Dear Daily Californian,
For an editorial that attempts to stray from simple “dichotomies”, April 18th’s take on the Antifa (Antifascist) presence does little to impart any complexity into the recent riots in Berkeley. For all its early wholesome message that, “Kids, there’s no clear right and wrong here,” the Antifa are swiftly named the heroes for their brave efforts to “protect” minority communities.
Amusingly, the dissenting opinion shows more clarity than the former, that this fight after fight has not wavered anyone’s ideological commitments, and that polarization further perpetuates this violence because we continue to fail to understand the violence itself. I mean, what is there to understand when you self-righteously embolden yourself as the acolytes of free speech or the saviors of minorities against the encroaching threat of fascism? Alternatively, the majority opinion does little to affirm any skepticism in a movement named after “Antifascist” yet rather eager to brutalize dissenters with U-locks, and then attempts to argues that the presence of neo-Nazis and white nationalists within the protests should conclude any remaining speech advocacy amongst onlookers. Was it not the American Civil Liberties Union that asserted, after their defense of groups such as NAMBLA and Neo-Nazists, that the “defense of freedom of speech is most critical when the message is one most people find repulsive”? Instead of this courageous slant against the violence, the Daily Cal editorial board doubles down, confident that the Antifa as a reactionary response to incendiary speech absolves it from its actions.
A more presumptuous conclusion is that not only should the Antifa be disassociated from its actions (not similar to when the Editorial rightfully associated Yiannopoulos to a history of “incendiary, useless harassment”), but that the “net consequences of its actions were that neo-Nazis and white-supremacist groups with violent rhetoric were denied a platform to speak in the city of Berkeley”. While this seems all dandy at first glance, it somehow insinuates that the incident happily results in the safety of minority communities; though I have yet to see how the feats of violence in Berkeley will defend immigrants from ICE, stall the present consideration of police practices that eventually fall under racial profiling, or the transgender communities in any way?

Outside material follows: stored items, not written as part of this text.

(* Every $L\in\mathcal L(C_6)$ which is an interval (i.e. of the form $[a,b]$ with integers $a\le b$) lies in $\mathcal L(C_2^5)$.
   Context: $C_n$ denotes a cyclic group of order $n$ and $C_2^r$ an elementary abelian $2$-group of rank $r$; $[a,b]=\{x\in\mathbb Z:a\le x\le b\}$. For a subset $G_0$ of a finite abelian group $G$, a sequence over $G_0$ is an element of the free abelian monoid $\mathcal F(G_0)$ with basis $G_0$ (a finite unordered list of elements of $G_0$, repetitions allowed). $\mathcal B(G_0)$ is the monoid of zero-sum sequences over $G_0$ (including the empty sequence). An atom is a minimal zero-sum sequence, i.e. a nonempty zero-sum sequence that is not a product of two nonempty zero-sum sequences. For $B\in\mathcal B(G_0)$, $\mathsf L(B)=\{k\in\mathbb N_0: B \text{ is a product of } k \text{ atoms}\}$, and $\mathcal L(G_0)=\{\mathsf L(B):B\in\mathcal B(G_0)\}$; $\mathcal L(G)$ is the case $G_0=G$. *)

From HB Require Import structures.
From mathcomp Require Import all_boot all_algebra.
Set Implicit Arguments. Unset Strict Implicit. Unset Printing Implicit Defensive.
Import GRing.Theory.
Local Open Scope ring_scope.

(* A sequence over a finite abelian group G (element of the free abelian
   monoid F(G)) is represented by its multiplicity function G -> nat. *)
Definition fseq (G : finZmodType) := {ffun G -> nat}.

Section ZS.
Variable G : finZmodType.

Definition fseq_mul (S T : fseq G) : fseq G := [ffun g => (S g + T g)%N].
Definition fseq_one : fseq G := [ffun _ => 0%N].
Definition fseq_prod (s : seq (fseq G)) : fseq G :=
  [ffun g => (\sum_(A <- s) A g)%N].

Definition fseq_len (S : fseq G) : nat := (\sum_(g : G) S g)%N.
Definition sigma (S : fseq G) : G := \sum_(g : G) g *+ S g.

Definition zero_sum (S : fseq G) : bool := sigma S == 0.

Definition atom (A : fseq G) : Prop :=
  [/\ zero_sum A, A != fseq_one &
      forall U V : fseq G, zero_sum U -> zero_sum V -> A = fseq_mul U V ->
        U = fseq_one \/ V = fseq_one].

Definition in_length_set (B : fseq G) (k : nat) : Prop :=
  exists s : seq (fseq G), [/\ size s = k, (forall A, A \in s -> atom A) &
                                fseq_prod s = B].

Definition in_system_of_sets_of_lengths (L : nat -> Prop) : Prop :=
  exists B : fseq G, zero_sum B /\ forall k, L k <-> in_length_set B k.
End ZS.

(* In C_2^5 (exponent 2, 32 elements) atoms have length at most 6 by a
   pigeonhole argument on subset sums, atoms of length 2 are squares, and
   elements are coded by the naturals below 32 (addition = bitwise xor).  For a
   list T of nonzero codes in which some code occurs an odd number of times, the
   lengths of 0^v T lie strictly between v + |T|/6 - 1 and v + |T|/2, so
   L(0^v T) is an interval as soon as all lengths in between are certified by
   explicit factorizations, checked by computation.  Six such blocks combined
   with powers of U = e1 e2 e3 e4 e5 (e1 + ... + e5) give every interval
   [a, b] with 2 <= a < b < 3a, and 0^v gives the singletons.

   In C_6 the 20 atoms are classified by computation on multiplicity vectors.
   Hence D(C_6) = 6, so b <= 3a for lengths a <= b of the same sequence; a <= 1
   forces B = 1 or B an atom; and b = 3a forces B onto {1, 5}, where all
   lengths are congruent modulo 4.  So an interval [a, b] in L(C_6) is a
   singleton or satisfies 2 <= a < b < 3a, and the main theorem follows. *)

From mathcomp Require Import all_boot all_algebra zify.
Set Implicit Arguments. Unset Strict Implicit. Unset Printing Implicit Defensive.
Import GRing.Theory.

Furthermore, in an earlier article by the Daily Cal, Sakura Cannestra reports that according to a campuswide email, the “damage inflicted upon campus property” during the Milo protest was, by no means, a small fee and “was estimated to cost $100,000”; the payment for this security enforcement on the behalf of the Antifa was not simply the refusal to allow speech, however repulsive it may be. There are clear, material costs to the violent protests; costs that don’t take into consideration the average students’ payments and loans, the average Californian taxpayer’s contributions, or the federal funds we are using. If Yiannopoulos is to be considered not a “productive member of society” nor belongs here with his rhetoric, by the standards of February’s editorial opinion, then how do we go about Antifa-ing the Antifa?
A movement that splashed eggs on bystanders, including yours truly? A movement so brave in its protection of the communities that an alleged member of the Stein and Sanders camp was not only hounded for being on the “wrong side” but had his keys stolen and/or shattered on the floor whilst others cackled? A movement that has become conflated with ideologies such as communism and anarchism, which is amusing given the extraordinary amount of WWII rhetoric that few followers tend to interject? In short, what does anyone expect to “protect” when these security forces are massively decentralized to a fault, have little to say for the casual violence that falls upon bystanders or neutral parties, and then plays the role of the “valiant hero” or “downtrodden victim” when the protest concludes with substantial damage costs, not including our valued reputation?
And if there’s ever an oversimplification, these are the heroes of the Bay Area? And all of this because a now jobless provocateur amongst others decided to hurt a few people’s feelings or march for their cause? Because that’s what it is. Hurtful speech. I don’t know what’s worse; having faith in the machinations of a group so devoted to the art of violent protest that their name seems no longer level-headed with their mission, or that minorities such as myself are considered so sensitive to the provocations that we have endured for centuries that we simply cannot function nor advance without crippling our liberal democracy in the process.